[[ Records for the task open ]]

(* Sort both chains by quadratic exchanges: sorted chains with equal label multisets have equal
   label sequences, hence coincide. *)
Lemma chain_image_inj (c d : chain) : chain_image (val c) = chain_image (val d) -> qsimNC c d.
Proof.
move=> E.
have [c' qc so1] := qsim_sorted (@switch n) c; have [d' qd so2] := qsim_sorted (@switch n) d.
move: E; rewrite (qsim_chain_image qc) (qsim_chain_image qd) => -[El Ecnt].
have Elabs : labels (val c') = labels (val d').
  apply: (sorted_eq (leT := geq)) so1 so2 (label_count_perm (valP c') (valP d') Ecnt).
  - by move=> a b w h1 h2; apply: leq_trans h2 h1.
  - by move=> a b /andP [h1 h2]; apply/eqP; rewrite eqn_leq; apply/andP.
have Ecd : c' = d' by apply: val_inj; apply: chain_labels_inj (valP c') (valP d') El Elabs.
by subst d'; apply: qsim_trans qc (qsim_sym qd).
Qed.

End ChainImage.

Section ChainImageSurj.
Variable n : nat.
Local Notation T := ('I_n).
Local Notation PT := {set {set T}}.
Local Notation z := (zNC n).
Local Notation cov := (@coverNC n).
Implicit Types (P : PT) (e : {ffun T -> nat}).

(* Split off from D the label that follows the last up-step of its Dyck path. *)
Lemma isNCD_unmerge P e D : isNCD (P, e) -> D \in P -> 1 < #|D| ->
  exists P' e' b, [/\ isNCD (P', e'), nested_merge P' P b, e = incr_at e' b &
                      \sum_(x in [set: T]) e' x < \sum_(x in [set: T]) e x].
Proof.
move=> /isNCDP [nP DP] HD cardD2; have pP := isNC_partition nP.
have [a [c [aD ea zero [cD ac cmin]]]] := dyck_last_up (DP D HD) cardD2.
have [DB DC] := dyck_split (DP D HD) aD ea zero cD ac.
have aB : a \in D :\ c by rewrite !inE aD andbT; apply: contraTneq ac => ->; rewrite ltnn.
have cC : c \in [set c] by rewrite inE.
have EU : D :\ c :|: [set c] = D by rewrite setUC setD1K.
have dis x : x \in D :\ c -> x \in [set c] -> False by rewrite !inE => /andP [/negP nc _] /nc.
have g : nested_at (D :\ c) [set c] a.
  split=> // x; rewrite inE => /eqP ->; split=> // b'; rewrite !inE => /andP [nb' b'D] ab'.
  by rewrite ltn_neqAle cmin // andbT eq_sym (inj_eq val_inj).
have [ncBC ncCB] := noncrossing_set1 (D :\ c) c.
have nP' := isNC_unmerge nP HD EU aB cC dis ncBC ncCB.
exists (unmerge P D (D :\ c) [set c]), (decr_at e a), a; split.
- apply/isNCDP; split=> // X; rewrite in_unmerge => /orP [/orP [/andP [HX nX]|/eqP ->]|/eqP ->] //.
  apply: dyck_eq (DP X HX) => x xX; rewrite ffunE; case: eqP => // E.
  by case: (blocks_disjoint pP HX HD nX xX); rewrite E.
- exists (D :\ c), [set c]; split=> //; rewrite ?in_unmerge ?eqxx ?orbT //.
  + by apply/eqP => E; apply: (dis c); rewrite ?E.
  + by rewrite (merge_unmerge pP HD EU aB cC dis).
- by rewrite decr_atK.
- by have := sum_decr_at [set: T] xpredT ea; rewrite !big_condT inE /= addn1 => <-.
Qed.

[[ Records for the task closed ]]

● **Work instruction**
In the listing above, find the line with "Local Notation PT" and the line with "have nP' := isNC_unmerge", then print exactly those two lines and every line between them, and nothing more.

● **Expected output**
Local Notation PT := {set {set T}}.
Local Notation z := (zNC n).
Local Notation cov := (@coverNC n).
Implicit Types (P : PT) (e : {ffun T -> nat}).

(* Split off from D the label that follows the last up-step of its Dyck path. *)
Lemma isNCD_unmerge P e D : isNCD (P, e) -> D \in P -> 1 < #|D| ->
  exists P' e' b, [/\ isNCD (P', e'), nested_merge P' P b, e = incr_at e' b &
                      \sum_(x in [set: T]) e' x < \sum_(x in [set: T]) e x].
Proof.
move=> /isNCDP [nP DP] HD cardD2; have pP := isNC_partition nP.
have [a [c [aD ea zero [cD ac cmin]]]] := dyck_last_up (DP D HD) cardD2.
have [DB DC] := dyck_split (DP D HD) aD ea zero cD ac.
have aB : a \in D :\ c by rewrite !inE aD andbT; apply: contraTneq ac => ->; rewrite ltnn.
have cC : c \in [set c] by rewrite inE.
have EU : D :\ c :|: [set c] = D by rewrite setUC setD1K.
have dis x : x \in D :\ c -> x \in [set c] -> False by rewrite !inE => /andP [/negP nc _] /nc.
have g : nested_at (D :\ c) [set c] a.
  split=> // x; rewrite inE => /eqP ->; split=> // b'; rewrite !inE => /andP [nb' b'D] ab'.
  by rewrite ltn_neqAle cmin // andbT eq_sym (inj_eq val_inj).
have [ncBC ncCB] := noncrossing_set1 (D :\ c) c.
have nP' := isNC_unmerge nP HD EU aB cC dis ncBC ncCB.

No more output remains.